Once he had her body all the way up, he unfastened her harness and removed her backpack, which had ripped open in the fall; everything, including their cell phone, had spilled somewhere far below. He checked her heartbeat and her breathing, then unfurled his sleeping bag and laid it over her. He felt his own body going into a kind of delayed shock, and he stopped to take four Tylenol from their first-aid kit, then tried to eat another protein bar to keep his energy levels up. But his mouth was so dry he could barely chew, and he wound up just breaking it into pieces and washing them down with sips of water. He debated trying to give Kristin some water, but he was afraid of making her choke. Instead, he simply elevated her head on a mound of dirt and gravel he'd gathered, and waited.

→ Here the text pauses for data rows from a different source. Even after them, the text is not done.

(* Let $p\ge 1$, let $\mathbf{S}$ be a real symmetric positive semidefinite $p\times p$ matrix, let $\mathbf{T}$ be a real symmetric positive definite $p\times p$ matrix, and let $\lambda_a\in(0,\infty)$. Consider the penalized log-likelihood $$\mathcal{L}^{p}(\mathbf{\Omega}) = \ln|\mathbf{\Omega}| - \mathrm{tr}(\mathbf{S}\mathbf{\Omega}) - \frac{\lambda_a}{2}\,\mathrm{tr}\big[(\mathbf{\Omega}-\mathbf{T})^{\mathrm{T}}(\mathbf{\Omega}-\mathbf{T})\big]$$ over real symmetric positive definite $p\times p$ matrices $\mathbf{\Omega}$. Then $\mathcal{L}^p$ is maximized by $$\hat{\mathbf{\Omega}}^{\mathrm{I}a}(\lambda_a) = \Big\{\Big[\lambda_a\mathbf{I}_p + \tfrac14(\mathbf{S}-\lambda_a\mathbf{T})^2\Big]^{1/2} + \tfrac12(\mathbf{S}-\lambda_a\mathbf{T})\Big\}^{-1},$$ which is the solution of the stationarity equation $\mathbf{\Omega}^{-1} - (\mathbf{S}-\lambda_a\mathbf{T}) - \lambda_a\mathbf{\Omega} = \mathbf{0}$.
   Context: $|\cdot|$ denotes the determinant, $\mathbf{I}_p$ the $p\times p$ identity matrix. For a real symmetric positive definite matrix $\mathbf{H}$, $\mathbf{H}^{1/2}$ denotes its unique symmetric positive definite square root. *)

From mathcomp Require Import all_boot all_fingroup.
From Stdlib Require Import Reals.
Set Implicit Arguments. Unset Strict Implicit. Unset Printing Implicit Defensive.
Local Open Scope R_scope.

Definition mat (p : nat) := 'I_p -> 'I_p -> R.

Definition madd p (A B : mat p) : mat p := fun i j => A i j + B i j.
Definition msub p (A B : mat p) : mat p := fun i j => A i j - B i j.
Definition mscale p (c : R) (A : mat p) : mat p := fun i j => c * A i j.
Definition mmul p (A B : mat p) : mat p :=
  fun i j => \big[Rplus/0]_(k < p) (A i k * B k j).
Definition mtr p (A : mat p) : mat p := fun i j => A j i.
Definition eyem p : mat p := fun i j => if i == j then 1 else 0.
Definition zerom p : mat p := fun _ _ => 0.

Definition trace p (A : mat p) : R := \big[Rplus/0]_(i < p) A i i.

Definition det p (A : mat p) : R :=
  \big[Rplus/0]_(s : 'S_p)
     ((if odd_perm s then -1 else 1) * \big[Rmult/1]_(i < p) A i (s i)).

Definition quad p (A : mat p) (x : 'I_p -> R) : R :=
  \big[Rplus/0]_(i < p) \big[Rplus/0]_(j < p) (x i * A i j * x j).

Definition symmetric p (A : mat p) : Prop := forall i j, A i j = A j i.
Definition psd p (A : mat p) : Prop :=
  symmetric A /\ forall x : 'I_p -> R, 0 <= quad A x.
Definition pd p (A : mat p) : Prop :=
  symmetric A /\ forall x : 'I_p -> R, (exists i, x i <> 0) -> 0 < quad A x.

Definition is_spd_sqrt p (H X : mat p) : Prop := pd X /\ mmul X X = H.

Definition penloglik p (S T : mat p) (la : R) (Om : mat p) : R :=
  ln (det Om) - trace (mmul S Om)
  - la / 2 * trace (mmul (mtr (msub Om T)) (msub Om T)).

(* The stationarity equation [Om^-1 - (S - la T) - la Om = 0] is solved in the
   functional calculus of the symmetric matrix [D = S - la T]: on each eigenvalue
   [t] of [D], [Om^-1] must be the positive root [s] of [s^2 - t s - la = 0], namely
   [sqrt (la + t^2/4) + t/2].  This root is a maximizer because [L^p] is concave:
   for positive definite [M] and [W], the matrix [M^(1/2) W M^(1/2)] is positive
   definite, so [ln det M + ln det W <= tr (M W) - p] (AM-GM on its eigenvalues,
   i.e. [ln x <= x - 1]).  Applied with [M = Om^-1] this bounds [ln det] by its
   tangent at [Om], and the quadratic penalty only adds [-la/2 |Om' - Om|^2]. *)

From Pilot Require Import Defs.
From mathcomp Require Import all_boot all_fingroup.
From Stdlib Require Import Reals FunctionalExtensionality.
From HB Require Import structures.
From mathcomp Require Import all_order all_algebra.
From mathcomp Require Import complex spectral sesquilinear.
From mathcomp Require Import Rstruct.
From mathcomp.algebra_tactics Require Import ring lra.
Import Order.TTheory GRing.Theory Num.Theory Num.Def.
Set Implicit Arguments. Unset Strict Implicit. Unset Printing Implicit Defensive.
Local Open Scope ring_scope.

Definition posdefmx (F : numDomainType) n (A : 'M[F]_n) :=
  A^T = A /\ forall x : 'rV[F]_n, x != 0 -> 0 < (x *m A *m x^T) 0 0.

Lemma gram_row_gt0 (F : realDomainType) n (x : 'rV[F]_n) :
  x != 0 -> 0 < (x *m x^T) 0 0.
Proof.
have sq_ge0 k : 0 <= x 0 k * x^T k 0 by rewrite mxE -expr2 sqr_ge0.
move=> x0; rewrite mxE lt0r sumr_ge0 ?andbT //.
apply: contra x0 => /eqP sum0; apply/eqP/rowP => k.
have /eqP : x 0 k * x^T k 0 = 0 by apply: (psumr_eq0P (fun k _ => sq_ge0 k) sum0).
by rewrite mxE -expr2 sqrf_eq0 mxE => /eqP.
Qed.

Lemma poly_interpolation (F : fieldType) (g : F -> F) (s : seq F) :
  exists q : {poly F}, {in s, forall x, q.[x] = g x}.
Proof.
elim: s => [|y s [q Hq]]; first by exists 0.
have [ys|yNs] := boolP (y \in s).
  by exists q => x; rewrite inE => /orP[/eqP->|]; apply: Hq.
pose P := \prod_(z <- s) ('X - z%:P).
have Py : P.[y] != 0.
  rewrite horner_prod prodf_seq_neq0; apply/allP => z zs /=.
  by rewrite hornerXsubC subr_eq0; apply: contraNneq yNs => ->.
exists (q + ((g y - q.[y]) / P.[y]) *: P) => x; rewrite inE => /orP[/eqP->|xs].
  by rewrite hornerD hornerZ divfK // addrC subrK.
have Px : P.[x] = 0 by rewrite horner_prod (big_rem x) //= hornerXsubC subrr mul0r.
by rewrite hornerD hornerZ Hq // Px mulr0 addr0.
Qed.

Local Open Scope complex_scope.
Local Open Scope sesquilinear_scope.
Local Notation rc := (real_complex R).
Local Notation mapc A := (map_mx rc A).

Lemma real_complex_real (x : R) : rc x \is Num.real.
Proof. by have <- : 'Re (rc x) = rc x by rewrite -complexRe. Qed.

Lemma conj_real_complex (x : R) : conjC (rc x) = rc x.
Proof. exact: conj_Creal (real_complex_real x). Qed.

Lemma trmxC_real_complex m n (A : 'M[R]_(m, n)) : (mapc A)^t* = mapc A^T.
Proof. by apply/matrixP=> i j; rewrite !mxE conj_real_complex. Qed.

Section SpectralCalculus.
Variables (n : nat) (U : 'M[R[i]]_n.+1) (d : 'I_n.+1 -> R).
Hypothesis U_unitary : U \is unitarymx.

Definition eigen_diag (g : R -> R) : 'M[R[i]]_n.+1 := diag_mx (\row_i rc (g (d i))).

(* [Y] is [g(A)] for the real symmetric matrix [A] diagonalised by [U] with
   eigenvalues [d], i.e. the one with [is_mxfun A idfun]. *)
Definition is_mxfun (Y : 'M[R]_n.+1) (g : R -> R) := mapc Y = U^t* *m eigen_diag g *m U.

Lemma unitary_mulmxtC : U *m U^t* = 1%:M. Proof. exact/unitarymxP. Qed.

Lemma unitary_multCmx : U^t* *m U = 1%:M.
Proof. by have := mulmxKtV 1%:M U_unitary erefl; rewrite mul1mx. Qed.

Lemma is_mxfun_inj Y Y' g g' : is_mxfun Y g -> is_mxfun Y' g' ->
  (forall i, g (d i) = g' (d i)) -> Y = Y'.
Proof.
move=> hY hY' e; apply: (map_mx_inj (f := rc)); rewrite hY hY'.
by congr (_ *m diag_mx _ *m _); apply/rowP=> i; rewrite !mxE e.
Qed.

Lemma is_mxfunM Y Y' g g' : is_mxfun Y g -> is_mxfun Y' g' ->
  is_mxfun (Y *m Y') (fun t => g t * g' t).
Proof.
rewrite /is_mxfun map_mxM => -> ->.
rewrite -!mulmxA (mulmxA U) unitary_mulmxtC mul1mx !mulmxA.
rewrite -(mulmxA _ (eigen_diag g)) /eigen_diag mulmx_diag; congr (_ *m diag_mx _ *m _).
by apply/rowP=> i; rewrite !mxE rmorphM.
Qed.

Lemma is_mxfunD Y Y' g g' : is_mxfun Y g -> is_mxfun Y' g' ->
  is_mxfun (Y + Y') (fun t => g t + g' t).
Proof.
rewrite /is_mxfun map_mxD => -> ->; rewrite -mulmxDl -mulmxDr; congr (_ *m _ *m _).
apply/matrixP=> i j; rewrite !mxE.
by case: (i == j); rewrite ?mulr1n ?mulr0n ?rmorphD ?addr0.
Qed.

Lemma is_mxfunZ Y g c : is_mxfun Y g -> is_mxfun (c *: Y) (fun t => c * g t).
Proof.
rewrite /is_mxfun map_mxZ => ->.
have -> : eigen_diag (fun t => c * g t) = rc c *: eigen_diag g.
  apply/matrixP=> i j; rewrite !mxE.
  by case: (i == j); rewrite ?mulr1n ?mulr0n ?rmorphM ?mulr0.
by rewrite -scalemxAr -scalemxAl.
Qed.

Lemma is_mxfun1 : is_mxfun 1%:M (fun _ => 1).
Proof.
rewrite /is_mxfun map_mx1 /eigen_diag.
have -> : \row_i rc ((fun _ => 1) (d i)) = const_mx 1 :> 'rV[R[i]]_n.+1.
  by apply/rowP=> i; rewrite !mxE rmorph1.
by rewrite diag_const_mx mulmx1 unitary_multCmx.
Qed.

Lemma is_mxfun_sym Y g : is_mxfun Y g -> Y^T = Y.
Proof.
move=> hY; apply: (map_mx_inj (f := rc)); rewrite -trmxC_real_complex hY.
rewrite !trmx_mul !map_mxM trmxCK /eigen_diag tr_diag_mx mulmxA map_diag_mx.
by congr (_ *m diag_mx _ *m _); apply/rowP=> i; rewrite !mxE; exact: conj_real_complex.
Qed.

Lemma det_mxfun Y g : is_mxfun Y g -> \det Y = \prod_i g (d i).
Proof.
move=> hY; apply: complexI; rewrite -det_map_mx hY rmorph_prod /=.
rewrite !det_mulmx mulrAC -det_mulmx unitary_multCmx det1 mul1r det_diag.
by apply: eq_bigr => i _; rewrite mxE.
Qed.

Lemma trace_mxfun Y g : is_mxfun Y g -> \tr Y = \sum_i g (d i).
Proof.
move=> hY; apply: complexI; rewrite -trace_map_mx hY rmorph_sum /=.
rewrite mxtrace_mulC mulmxA unitary_mulmxtC mul1mx mxtrace_diag.
by apply: eq_bigr => i _; rewrite mxE.
Qed.

(* [g(A)] is a polynomial in [A]: interpolate [g] on the spectrum. *)
Lemma mxfun_exists A g : is_mxfun A idfun -> exists Y, is_mxfun Y g.
Proof.
move=> hA; have [q Hq] := poly_interpolation g [seq d i | i <- enum 'I_n.+1].
exists (horner_mx A q); rewrite /is_mxfun map_horner_mx hA -invmx_unitary //.
rewrite horner_mx_uconjC ?unitarymx_unit // horner_mx_diag.
congr (_ *m diag_mx _ *m _); apply/rowP=> i; rewrite !mxE /= horner_map Hq //.
by apply: map_f; rewrite mem_enum.
Qed.

Lemma is_mxfun_posdef Y g : is_mxfun Y g -> (forall i, 0 < g (d i)) -> posdefmx Y.
Proof.
move=> hY g_gt0; split; first exact: is_mxfun_sym hY.
move=> x x0; rewrite -ltcR rmorph0.
have -> : rc ((x *m Y *m x^T) 0 0) = (mapc (x *m Y *m x^T)) 0 0 by rewrite [RHS]mxE.
set v := mapc x *m U^t*.
have -> : mapc (x *m Y *m x^T) = v *m eigen_diag g *m v^t*.
  by rewrite !map_mxM hY -trmxC_real_complex /v !trmx_mul !map_mxM trmxCK !mulmxA.
have v0 : v != 0.
  apply: contra x0 => /eqP v0.
  have : v *m U = mapc x by rewrite /v -mulmxA unitary_multCmx mulmx1.
  by rewrite v0 mul0mx => /esym/eqP; rewrite map_mx_eq0.
clearbody v.
have /existsP[j vj] : [exists j, v 0 j != 0].
  apply: contraNT v0 => /existsPn v_eq0; apply/eqP/rowP => j; apply/eqP.
  by rewrite mxE; move: (v_eq0 j); rewrite negbK.
have entry k : (v *m eigen_diag g) 0 k * v^t* k 0 = rc (g (d k)) * `|v 0 k| ^+ 2.
  by rewrite mul_mx_diag !mxE normCK mulrAC mulrC.
rewrite mxE (bigD1 j) //= entry ltr_wpDr ?sumr_ge0 // => [k _|].
  by rewrite entry mulr_ge0 ?exprn_ge0 // ler0c ltW.
by rewrite mulr_gt0 ?exprn_gt0 ?normr_gt0 // ltcR.
Qed.

(* A real eigenvector for the eigenvalue [d i] exists because [A - d i] is singular. *)
Lemma posdef_eigen_gt0 A : is_mxfun A idfun -> posdefmx A -> forall i, 0 < d i.
Proof.
move=> hA [_ A_pos] i.
have hAi := is_mxfunD hA (is_mxfunZ (- d i) is_mxfun1).
have /det0P[x x0 xAi] : \det (A + - d i *: 1%:M) == 0.
  by rewrite (det_mxfun hAi) (bigD1 i) //= mulr1 addrN mul0r.
have xA : x *m A = d i *: x.
  by apply/eqP; rewrite -subr_eq0; move/eqP: xAi; rewrite mulmxDr -scalemxAr mulmx1 scaleNr.
have := A_pos x x0; rewrite xA -scalemxAl mxE.
by rewrite pmulr_lgt0 // gram_row_gt0.
Qed.

End SpectralCalculus.

Lemma symmetric_unitary_diag n (A : 'M[R]_n.+1) : A^T = A ->
  exists U d, U \is unitarymx /\ is_mxfun U d A idfun.
Proof.
move=> sA; have A_herm : mapc A \is hermsymmx.
  by apply/is_hermitianmxP; rewrite expr0 scale1r trmxC_real_complex sA.
exists (spectralmx (mapc A)), (fun i => complex.Re (spectral_diag (mapc A) 0 i)).
split; first exact: spectral_unitarymx.
have /hermitian_normalmx/orthomx_spectralP AE := A_herm.
rewrite /is_mxfun {1}AE invmx_unitary ?spectral_unitarymx //.
congr (_ *m diag_mx _ *m _); apply/rowP=> i; rewrite mxE complexRe.
apply/esym/Creal_ReP.
by have /mxOverP := hermitian_spectral_diag_real A_herm; apply.
Qed.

The last rays of the sun were tingeing the Western Cascades a pale pink, and Big Lake, far below, was as black as obsidian. He remembered thinking that it was a beautiful sight, and that Kristin should really sit up and enjoy it. She loved sunsets, especially when she was off in the wilds somewhere; she used to say that she slept better under the stars than she did at the four-star hotels where her family sometimes stayed. The stars that night were out in profusion.
But the temperatures were dropping.
Michael made a windbreak out of whatever loose rocks he could assemble, then tucked his nylon jacket carefully around Kristin's head, leaving her shattered helmet in place. Her face was blissfully unmarred, and she looked peaceful. Not in pain. And for that at least he was grateful. Until the first light of dawn, when it would be possible to begin the descent, he would just have to stifle his own fears, hunker down and try to keep her as warm as possible. For what it was worth, he blew on the whistle one more time, and as the sound faded away among the surrounding peaks, he scrunched up next to her under the sleeping bag, and whispered in her ear, “Don't worry-I'll get you home. I promise I'll get you home.”